Anyone have a test sequence so I can figure if it solenoid or starter as I don't want to go chasing the wrong thing?

It would help to have some parameters like resistance, voltage etc to test. The clicking tells me the solenoid is doing something so do I have a starter rebuild to look forward to?
 
1. Make sure the battery cables are clean and tight, including the ground at the frame/engine.
2. Pull the spark plugs and see if it turns over.
3. Using a heavy cable - like a jumper cable, bypass the starter relay (solenoid) by jumping from the Pos. (+) battery terminal to the starter cable terminal. Or, you can jump the 2 terminals on the relay.

You should get battery voltage at the starter terminal during cranking, which usually drops to 10 volts or so.

If the starter "spins" momentarily when you release the starter button, the engine is just kicking back from compression and turning the starter backwards. It shouldn't do this with the plugs removed.
 
LOL I was getting ready to make something out of nothing. I noticed I left the thing sitting with the fuel on for about a month. Pulled the plugs and # 4 puked out about a cup O fuel as soon as I hit the starter. Oh well, stupid is as stupid does.

Thanks for the reply anyway.
 
If the starter "spins" momentarily when you release the starter button, the engine is just kicking back from compression and turning the starter backwards. It shouldn't do this with the plugs removed.

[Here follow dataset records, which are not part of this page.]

Lemma cover_count_ge0 f : 0 <= cover_count 0 f.
Proof. by rewrite cover_countE sumr_ge0. Qed.

Lemma cover_count_circulation :
  (forall e, e \in H -> cycle consecutive (T e)) -> circulation cover_count.
Proof.
move=> cT; rewrite /cover_count.
apply: (big_ind (fun y : 'rV[R]_m => circulation y)) => [|a b|e eH].
- exact: circulation0.
- exact: circulationD.
- exact/circulation_edge_count/cT.
Qed.

Lemma cover_count_ge1 :
  (forall e, e \in H -> e \in T e) -> forall f, f \in H -> 1 <= cover_count 0 f.
Proof.
move=> Te f fH; rewrite cover_countE.
apply: le_trans (ler_psum_term (F := fun e => (count_mem f (T e))%:R) fH _) => //.
by rewrite ler1n -has_count has_pred1 Te.
Qed.

Lemma cover_count_out : (forall e, e \in H -> all (mem H) (T e)) ->
  forall f, f \notin H -> cover_count 0 f = 0.
Proof.
move=> TH f fH; rewrite cover_countE big1 // => e eH; apply/eqP.
by rewrite pnatr_eq0 eqn0Ngt -has_count has_pred1; apply: contra fH; apply/(allP (TH e eH)).
Qed.

End CoveringCycles.

(* The covering cycles summed, minus [s], form a nonnegative circulation, hence a
   nonnegative combination of simple cycles. *)
Lemma linf_simple_cycle_eq0 (c : 'rV[R]_m) (H : {set 'I_m}) (T : 'I_m -> seq 'I_m) :
  (forall t, simple setT t -> 0 <= linf c (edge_count t)) ->
  (forall e, e \in H -> [/\ simple setT (T e), e \in T e & linf c (edge_count (T e)) = 0]) ->
  forall s, simple H s -> linf c (edge_count s) = 0.
Proof.
move=> c_ge0 Tcover s ss; apply/le_anti; rewrite c_ge0 ?(simple_cycle_setT ss) // andbT.
have /and4P[_ /andP[sH cs] us _] := ss.
pose z := cover_count H T - edge_count s.
have z_ge0 f : 0 <= z 0 f.
  rewrite !mxE -edge_countE edge_count_uniq // subr_ge0.
  case: (boolP (f \in s)) => [fs | _]; last exact: cover_count_ge0.
  by apply: cover_count_ge1 (allP sH f fs) => e /Tcover[].
have z_circ : circulation z.
  rewrite /z -scaleN1r; apply: circulationD; last exact/circulationZ/circulation_edge_count.
  by apply: cover_count_circulation => e /Tcover[/and4P[_ /andP[]]].
have [L [zE Ls]] := circulation_decomposition z_ge0 z_circ.
have : 0 <= linf c z.
  rewrite zE linf_sum big_seq sumr_ge0 // => p /Ls[p1_ge0 sp].
  by rewrite linfZ mulr_ge0 ?c_ge0 ?(simple_cycle_setT sp).
by rewrite linfB /cover_count linf_sum big1 ?sub0r ?oppr_ge0 // => e /Tcover[_ _ ->].
Qed.

Lemma circulation_sub_cycle_span (H : {set 'I_m}) k (C : 'M[R]_(k, m)) : full st ar H ->
  (forall s, simple H s -> (edge_count s <= C)%MS) ->
  forall y, circulation y -> (forall e, e \notin H -> y 0 e = 0) -> (y <= C)%MS.
Proof.
move=> fullH sC y y_circ y_out.
have [T TH] : exists T : 'I_m -> seq 'I_m, forall e, e \in H -> simple H (T e) /\ e \in T e.
  apply: (@fin_all_exists_in _ _ H (fun e t => simple H t /\ e \in t) [::]).
  by move=> e /(full_simple_cycle fullH)[t ? ?]; exists t.
pose g := cover_count H T; pose t := \sum_e `|y 0 e|.
have gC : (g <= C)%MS by apply: summx_sub => e /TH[/sC].
have g_circ : circulation g.
  by apply: cover_count_circulation => e /TH[/and4P[_ /andP[]]].
have g_ge1 : forall f, f \in H -> 1 <= g 0 f by apply: cover_count_ge1 => e /TH[].
have g_out : forall f, f \notin H -> g 0 f = 0.
  by apply: cover_count_out => e /TH[/and4P[_ /andP[]]].
pose z := y + t *: g.
have zE f : z 0 f = y 0 f + t * g 0 f by rewrite !mxE.
have z_ge0 f : 0 <= z 0 f.
  rewrite zE; case: (boolP (f \in H)) => fH; last by rewrite y_out // g_out // mulr0 addr0.
  have yt : `|y 0 f| <= t by apply: (ler_psum_term (P := predT)) => // *.
  have tg : t <= t * g 0 f by rewrite ler_peMr ?g_ge1 ?sumr_ge0.
  have := ler_norm (- y 0 f); rewrite normrN; lra.
have z_circ : circulation z := circulationD y_circ (circulationZ t g_circ).
have [L [zE' Ls]] := circulation_decomposition z_ge0 z_circ.
have zC : (z <= C)%MS.
  rewrite zE' big_seq summx_sub // => p /Ls[_ sp]; apply/scalemx_sub/sC.
  apply: simple_cycle_subset sp; apply/subsetP => f; rewrite inE; apply: contraTT => fH.
  by rewrite zE y_out // g_out // mulr0 addr0 ltxx.
by rewrite -[y](addrK (t *: g)) addmx_sub ?scalemx_sub // -scaleNr scalemx_sub.
Qed.

End CycleCover.

Lemma sum_eq1_nonzero (R : numDomainType) k (l : 'I_k -> R) :
  \sum_i l i = 1 -> exists i, l i != 0.
Proof.
move=> l1; apply/existsP; apply: contraT; rewrite negb_exists => /forallP l0.
by move: l1; rewrite big1 => [/eqP|i _]; [rewrite eq_sym oner_eq0 | apply/eqP/negbNE].
Qed.

Section CyclePolytope.
Variables (V : finType) (m : nat) (st ar : 'I_m -> V) (R : realFieldType).

Local Notation simple := (is_simple_cycle_in st ar).
Local Notation cycvec := (@cycvec m R).
Local Notation edge_count := (@edge_count m R).
Local Notation P := (Ppoly st ar R).
Local Notation Pface := (Pface st ar R).

Lemma cycvecE s : cycvec s = (size s)%:R^-1 *: edge_count s.
Proof. by apply/rowP => e; rewrite !mxE mulrC. Qed.

Lemma edge_count_cycvec s : s != [::] -> edge_count s = (size s)%:R *: cycvec s.
Proof. by case: s => // e s _; rewrite cycvecE scalerA divff ?scale1r ?pnatr_eq0. Qed.

Lemma cycvec_ge0 s f : 0 <= cycvec s 0 f.
Proof. by rewrite mxE divr_ge0 ?ler0n. Qed.

Lemma cycvec_eq0 s f : f \notin s -> cycvec s 0 f = 0.
Proof. by move=> fs; rewrite mxE (count_memPn fs) mul0r. Qed.

Lemma cycvec_gt0 s f : f \in s -> 0 < cycvec s 0 f.
Proof.
move=> fs; rewrite mxE divr_gt0 // ltr0n -?has_count ?has_pred1 //.
by case: s fs.
Qed.

Lemma sum_cycvec s : s != [::] -> \sum_e cycvec s 0 e = 1.
Proof.
move=> s0; under eq_bigr => e _ do rewrite cycvecE mxE.
by rewrite -mulr_sumr sum_edge_count mulVf // pnatr_eq0; case: s s0.
Qed.

Lemma circulation_cycvec s : cycle (consecutive st ar) s -> circulation st ar (cycvec s).
Proof. by move=> cs; rewrite cycvecE; apply/circulationZ/circulation_edge_count. Qed.

Lemma PpolyP H x : P H x <-> exists k (s : 'I_k -> seq 'I_m) (l : 'I_k -> R),
  [/\ forall i, simple H (s i), forall i, 0 <= l i, \sum_i l i = 1
    & x = \sum_i l i *: cycvec (s i)].
Proof.
split=> [[k [p [l [ps l_ge0 l1 xE]]]] | [k [s [l [ss l_ge0 l1 xE]]]]].
  have /fin_all_exists[s sE] : forall i, exists s, simple H s /\ p i = cycvec s.
    by move=> i; have [s ?] := ps i; exists s.
  exists k, s, l; split=> // [i | ]; first by case: (sE i).
  by rewrite xE; apply: eq_bigr => i _; case: (sE i) => _ ->.
by exists k, (fun i => cycvec (s i)), l; split=> // i; exists (s i).
Qed.

Lemma Ppoly_cycvec H s : simple H s -> P H (cycvec s).
Proof.
move=> ss; apply/PpolyP; exists 1, (fun=> s), (fun=> 1).
by split=> //; rewrite big_ord1 ?scale1r.
Qed.

Lemma Ppoly_subset (H1 H2 : {set 'I_m}) (x : 'rV[R]_m) : H1 \subset H2 -> P H1 x -> P H2 x.
Proof.
move=> H12 /PpolyP[k [s [l [ss l_ge0 l1 xE]]]]; apply/PpolyP; exists k, s, l.
split=> // i; exact: simple_cycle_subset H12 (ss i).
Qed.

Section CycleCombination.
Variables (k : nat) (s : 'I_k -> seq 'I_m) (l : 'I_k -> R) (x : 'rV[R]_m).
Hypotheses (l_ge0 : forall i, 0 <= l i) (xE : x = \sum_i l i *: cycvec (s i)).

Lemma cycle_combinationE f : x 0 f = \sum_i l i * cycvec (s i) 0 f.
Proof. by rewrite xE summxE; apply: eq_bigr => i _; rewrite mxE. Qed.

Lemma cycle_combination_ge0 f : 0 <= x 0 f.
Proof. by rewrite cycle_combinationE sumr_ge0 // => i _; rewrite mulr_ge0 ?cycvec_ge0. Qed.

Lemma cycle_combination_gt0 i f : l i != 0 -> f \in s i -> 0 < x 0 f.
Proof.
move=> li fs; rewrite cycle_combinationE.
have term : 0 < l i * cycvec (s i) 0 f.
  by rewrite mulr_gt0 ?cycvec_gt0 // lt_neqAle eq_sym li l_ge0.
apply: lt_le_trans term (ler_psum_term (P := predT) _ _) => // j _.
by rewrite mulr_ge0 ?cycvec_ge0.
Qed.

End CycleCombination.

Lemma Ppoly_ge0 H x f : P H x -> 0 <= x 0 f.
Proof. by case/PpolyP=> k [s [l [_ l_ge0 _ xE]]]; exact: cycle_combination_ge0 l_ge0 xE f. Qed.

Lemma Ppoly_Pface H x : P H x <-> Pface H x.
Proof.
split=> [Px | [/PpolyP[k [s [l [ss l_ge0 l1 xE]]]] x_out]].
  split; first exact: Ppoly_subset (subsetT H) Px.
  move=> e eH; case/PpolyP: Px => k [s [l [ss _ _ xE]]].
  rewrite (cycle_combinationE xE) big1 // => i _; rewrite cycvec_eq0 ?mulr0 //.
  by apply: contra eH; have /and4P[_ /andP[/allP sH _] _ _] := ss i; apply: sH.
have [i0 li0] := sum_eq1_nonzero l1.
have sH i : l i != 0 -> simple H (s i).
  move=> li; have /and4P[s0 /andP[_ cs] us ust] := ss i.
  apply/and4P; split=> //; rewrite /is_cycle_in cs andbT; apply/allP => f fs.
  apply: contraT => fH; have := cycle_combination_gt0 l_ge0 xE li fs.
  by rewrite x_out // ltxx.
(* cycles of weight zero are replaced by one of positive weight *)
apply/PpolyP; exists k, (fun i => if l i == 0 then s i0 else s i), l.
split=> // [i | ]; first by case: eqP => [_ | /eqP]; apply: sH.
by rewrite xE; apply: eq_bigr => i _; case: eqP => // ->; rewrite !scale0r.
Qed.

Lemma Pface_face H : full st ar H -> H != set0 -> is_face (P setT) (Pface H).
Proof.
move=> fullH /set0Pn[e0 /(full_simple_cycle fullH)[s0 s0H _]].
pose c : 'rV[R]_m := \row_e (e \notin H)%:R.
have cE y : linf c y = \sum_e (e \notin H)%:R * y 0 e.
  by apply: eq_bigr => e _; rewrite mxE.
have c_ge0 y : P setT y -> 0 <= linf c y.
  by move=> Py; rewrite cE sumr_ge0 // => e _; rewrite mulr_ge0 ?ler0n ?(Ppoly_ge0 _ Py).
have c_face y : Pface H y -> linf c y = 0.
  case=> _ y_out; rewrite cE big1 // => e _.
  by case: (boolP (e \in H)) => eH; rewrite ?mul0r ?y_out ?mulr0.
have s0face : Pface H (cycvec s0) by apply/Ppoly_Pface/Ppoly_cycvec.
split; first by exists (cycvec s0).
exists c => x; split=> [xF | [Px xmin]].
  by split=> [|y Py]; [case: xF | rewrite c_face ?c_ge0].
split=> // e eH; have : linf c x == 0.
  by rewrite eq_le c_ge0 // andbT -(c_face _ s0face) xmin //; case: s0face.
rewrite cE psumr_eq0 => [/allP/(_ e (mem_index_enum _)) | f _].
  by rewrite eH mul1r => /eqP.
by rewrite mulr_ge0 ?ler0n ?(Ppoly_ge0 _ Px).
Qed.

Lemma Pface_subset (H1 H2 : {set 'I_m}) : full st ar H1 ->
  H1 \subset H2 <-> (forall x, Pface H1 x -> Pface H2 x).
Proof.
move=> fullH1; split=> [H12 x [Px x_out] | sub].
  by split=> // e eH2; apply: x_out; apply: contra eH2; apply: (subsetP H12).
apply/subsetP => e /(full_simple_cycle fullH1)[s sH1 es].
have [_ s_out] := sub _ ((Ppoly_Pface H1 _).1 (Ppoly_cycvec sH1)).
by apply: contraT => /s_out /eqP; rewrite gt_eqF ?cycvec_gt0.
Qed.

Section FaceSupport.
Variables (F : 'rV[R]_m -> Prop) (c x1 : 'rV[R]_m).
Hypotheses (Fx1 : F x1)
  (Fc : forall x, F x <-> P setT x /\ forall y, P setT y -> linf c x <= linf c y).

Local Notation mu := (linf c x1).

Definition optimal s := linf c (cycvec s) == mu.

Definition face_support : {set 'I_m} :=
  [set e | has (fun s => optimal s && (e \in s)) (simple_cycles st ar setT)].

Lemma face_min y : P setT y -> mu <= linf c y.
Proof. by have [_ x1min] := (Fc x1).1 Fx1; apply: x1min. Qed.

Lemma face_linf y : F y -> linf c y = mu.
Proof.
have [Px1 _] := (Fc x1).1 Fx1.
by case/Fc=> Py ymin; apply/le_anti; rewrite ymin // face_min.
Qed.

Lemma face_weight_optimal k (s : 'I_k -> seq 'I_m) (l : 'I_k -> R) y :
  F y -> (forall i, simple setT (s i)) -> (forall i, 0 <= l i) -> \sum_i l i = 1 ->
  y = \sum_i l i *: cycvec (s i) -> forall i, l i != 0 -> optimal (s i).
Proof.
move=> Fy ss l_ge0 l1 yE.
have gap_ge0 i : 0 <= l i * (linf c (cycvec (s i)) - mu).
  by rewrite mulr_ge0 ?l_ge0 // subr_ge0; apply/face_min/Ppoly_cycvec/ss.
have : \sum_i l i * (linf c (cycvec (s i)) - mu) == 0.
  under eq_bigr => i _ do rewrite mulrBr.
  rewrite sumrB -mulr_suml l1 mul1r -(face_linf Fy) yE linf_sum subr_eq0.
  by apply/eqP/eq_bigr => i _; rewrite linfZ.
rewrite psumr_eq0 // => /allP al i li; have := al i (mem_index_enum _).
by rewrite mulf_eq0 (negPf li) subr_eq0.
Qed.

That's exactly what got me to thinking .... again ... finally. LOL

Guess I'll have to reset the float on #4 that's the one loaded up although some came out of #2. It's been sitting for a month or so on the kick stand so leaning that way didn't help either.
 
Even on my CBRs that have vacuum fuel taps I always need to make sure that they are turned off, I even try and do it when stopped for awhile on the side stand. Makes life much easier for the starter motor/ battery if you have a faulty needle and seat in any of the carbs.